On suit aussi les filles dans les chambres du haut, où elles assouvissent les fantasmes des hommes. Et on partage un peu de leurs désirs, de leurs peurs, de leurs rêves, notamment celui, un peu fou, de séduire un riche client qui acceptera de les tirer de cette prison et leur offrir un cadre de vie plus agréable.

Une prison? Oui, une prison… Dorée, certes, avec ses locaux confortables et ouatés, mais un lieu clos dont elle ne peuvent s’échapper, à moins d’un extraordinaire coup de chance ou d’un destin funeste…
Tout le film se déroule d’ailleurs à huis-clos, dans l’environnement sombre que constitue l’hôtel particulier géré par la mère-maquerelle. Les filles sont soumises quotidiennement à la même routine : elles vivent la nuit et dorment le jour et n’ont aucune bonne raison pour quitter la maison close. La plupart sont résignées à rester ici jusqu’à la fin de leurs jours, malgré les humiliations que leur font subir des clients indélicats et les nombreux risques encourus – maladies vénériennes, rencontre avec des clients déséquilibrés…

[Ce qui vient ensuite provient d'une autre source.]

Definition perm_top {X : Type} (lt : rel X) : topo (Aut lt) :=
  fun U => forall g, U g -> exists xs : list X,
    forall h, (forall x, In x xs -> ap h x = ap g x) -> U h.

Definition nbhd_id {X : Type} {lt : rel X} (tau : topo (Aut lt)) (O : Aut lt -> Prop) : Prop :=
  exists V, tau V /\ (forall g : Aut lt, (forall x, ap g x = x) -> V g) /\
            (forall g, V g -> O g).

(* left uniformity: (g,h) with g^-1 h in O ;  right: h g^-1 in O *)
Definition left_unif {X : Type} {lt : rel X} (tau : topo (Aut lt)) : unif (Aut lt) :=
  fun E => exists O, nbhd_id tau O /\ forall g h : Aut lt,
    (exists o, O o /\ forall x, ap h x = ap g (ap o x)) -> E g h.

Definition right_unif {X : Type} {lt : rel X} (tau : topo (Aut lt)) : unif (Aut lt) :=
  fun E => exists O, nbhd_id tau O /\ forall g h : Aut lt,
    (exists o, O o /\ forall x, ap h x = ap o (ap g x)) -> E g h.

Definition roelcke_unif {X : Type} {lt : rel X} (tau : topo (Aut lt)) : unif (Aut lt) :=
  meet_unif (left_unif tau) (right_unif tau).

(* R_K: base coverings { O g St_xs | g in G } *)
Definition in_OgSt {X : Type} {lt : rel X} (O : Aut lt -> Prop) (g : Aut lt)
  (xs : list X) (h : Aut lt) : Prop :=
  exists o s : Aut lt, O o /\ (forall x, In x xs -> ap s x = x) /\
    forall x, ap h x = ap o (ap g (ap s x)).

Definition RK {X : Type} (lt : rel X) : unif (Aut lt) :=
  fun E => exists O xs, nbhd_id (ptop lt) O /\ forall h1 h2,
    (exists g, in_OgSt O g xs h1 /\ in_OgSt O g xs h2) -> E h1 h2.

(* U_X^partial: base = partitions (<-,x1),{x1},(x1,x2),...,{xn},(xn,->) *)
Definition same_block {X : Type} (lt : rel X) (xs : list X) (a b : X) : Prop :=
  forall x, In x xs -> (a = x <-> b = x) /\ (lt a x <-> lt b x).

Definition UXd {X : Type} (lt : rel X) : unif X :=
  fun E => exists xs, forall a b, same_block lt xs a b -> E a b.

Definition UG {X : Type} (lt : rel X) (UX : unif X) : unif (Aut lt) :=
  fun E => exists (xs : list X) (F : rel X), UX F /\ forall h1 h2 : Aut lt,
    (exists g : Aut lt, forall x, In x xs -> F (ap g x) (ap h1 x) /\ F (ap g x) (ap h2 x))
    -> E h1 h2.

Definition is_equiunif {X : Type} (lt : rel X) (tauX : topo X) (tauG : topo (Aut lt))
  (U : unif X) : Prop :=
  is_unif U /\
  (forall A, tauX A <-> unif_open U A) /\
  (forall (g : Aut lt) E, U E -> U (fun x y => E (ap g x) (ap g y))) /\
  (forall E, U E -> exists O, nbhd_id tauG O /\ forall g x, O g -> E x (ap g x)).

Definition max_equiunif {X : Type} (lt : rel X) (tauX : topo X) (tauG : topo (Aut lt))
  (U : unif X) : Prop :=
  is_equiunif lt tauX tauG U /\
  forall V, is_equiunif lt tauX tauG V -> subunif V U.

Definition ext_ok {X B : Type} (lt : rel X) (UB : unif B) (e : X -> B)
  (ext : Aut lt -> B -> B) : Prop :=
  forall g : Aut lt, (forall x, ext g (e x) = e (ap g x)) /\
    (forall A, unif_open UB A -> unif_open UB (fun b => A (ext g b))).

From Stdlib Require Import List Sorting.Sorted Classical ClassicalEpsilon FunctionalExtensionality.
Import ListNotations.

(* Ultrahomogeneity says that every finite order-preserving partial map extends to an
   automorphism.  With it, an entourage of the Roelcke uniformity of (G, tau_d), resp. of R_K
   on (G, tau_p), turns out to be exactly one that controls (g x, h x), for x in a finite set,
   by an entourage of U^d_X, resp. of U^p_X; and U^p_X is the uniformity generated by the sets
   {(x, o x) | o in O}, O an identity neighbourhood of tau_p.  So G embeds uniformly into the
   complete space (beta X)^X, and its completion is the closure of the image.
   For the enveloping semigroup one needs moreover that g |-> g~(b) is uniformly continuous for
   every b in beta X.  In a continuous chain each b is a point of X, a one-sided limit at a point
   of X, or a limit at an end of X, and then g~(b) is controlled by the values of g at finitely
   many points; U^p_X induces the order topology, so for it the one-sided limits at points of X
   are those points themselves. *)

Lemma choice_on {A B : Type} (P : A -> B -> Prop) (Q : A -> Prop) (b0 : A -> B) :
  (forall a, Q a -> exists b, P a b) -> exists f : A -> B, forall a, Q a -> P a (f a).
Proof.
  intros H. apply (choice (fun a b => Q a -> P a b)). intros a.
  destruct (classic (Q a)) as [qa|nqa].
  - destruct (H a qa) as [b hb]. exists b; auto.
  - exists (b0 a); tauto.
Qed.

Lemma StronglySorted_impl_in {A} (R R' : A -> A -> Prop) (L : list A) :
  (forall a b, In a L -> In b L -> R a b -> R' a b) -> StronglySorted R L -> StronglySorted R' L.
Proof.
  induction L as [|a L IH]; intros HR HS; constructor; inversion HS; subst.
  - apply IH; auto. intros; apply HR; simpl; auto.
  - rewrite Forall_forall in *. intros b hb. apply HR; simpl; auto.
Qed.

De toute façon, elles n’ont pas le choix, elles exercent ce métier car elles n’ont pas eu la chance d’étudier ou de se marier, et qu’elles se retrouvaient sans ressources. Et le système est ainsi fait que chaque jour passé sous la protection de leur logeuse occasionne des dettes qu’elles ne sont jamais capable de rembourser…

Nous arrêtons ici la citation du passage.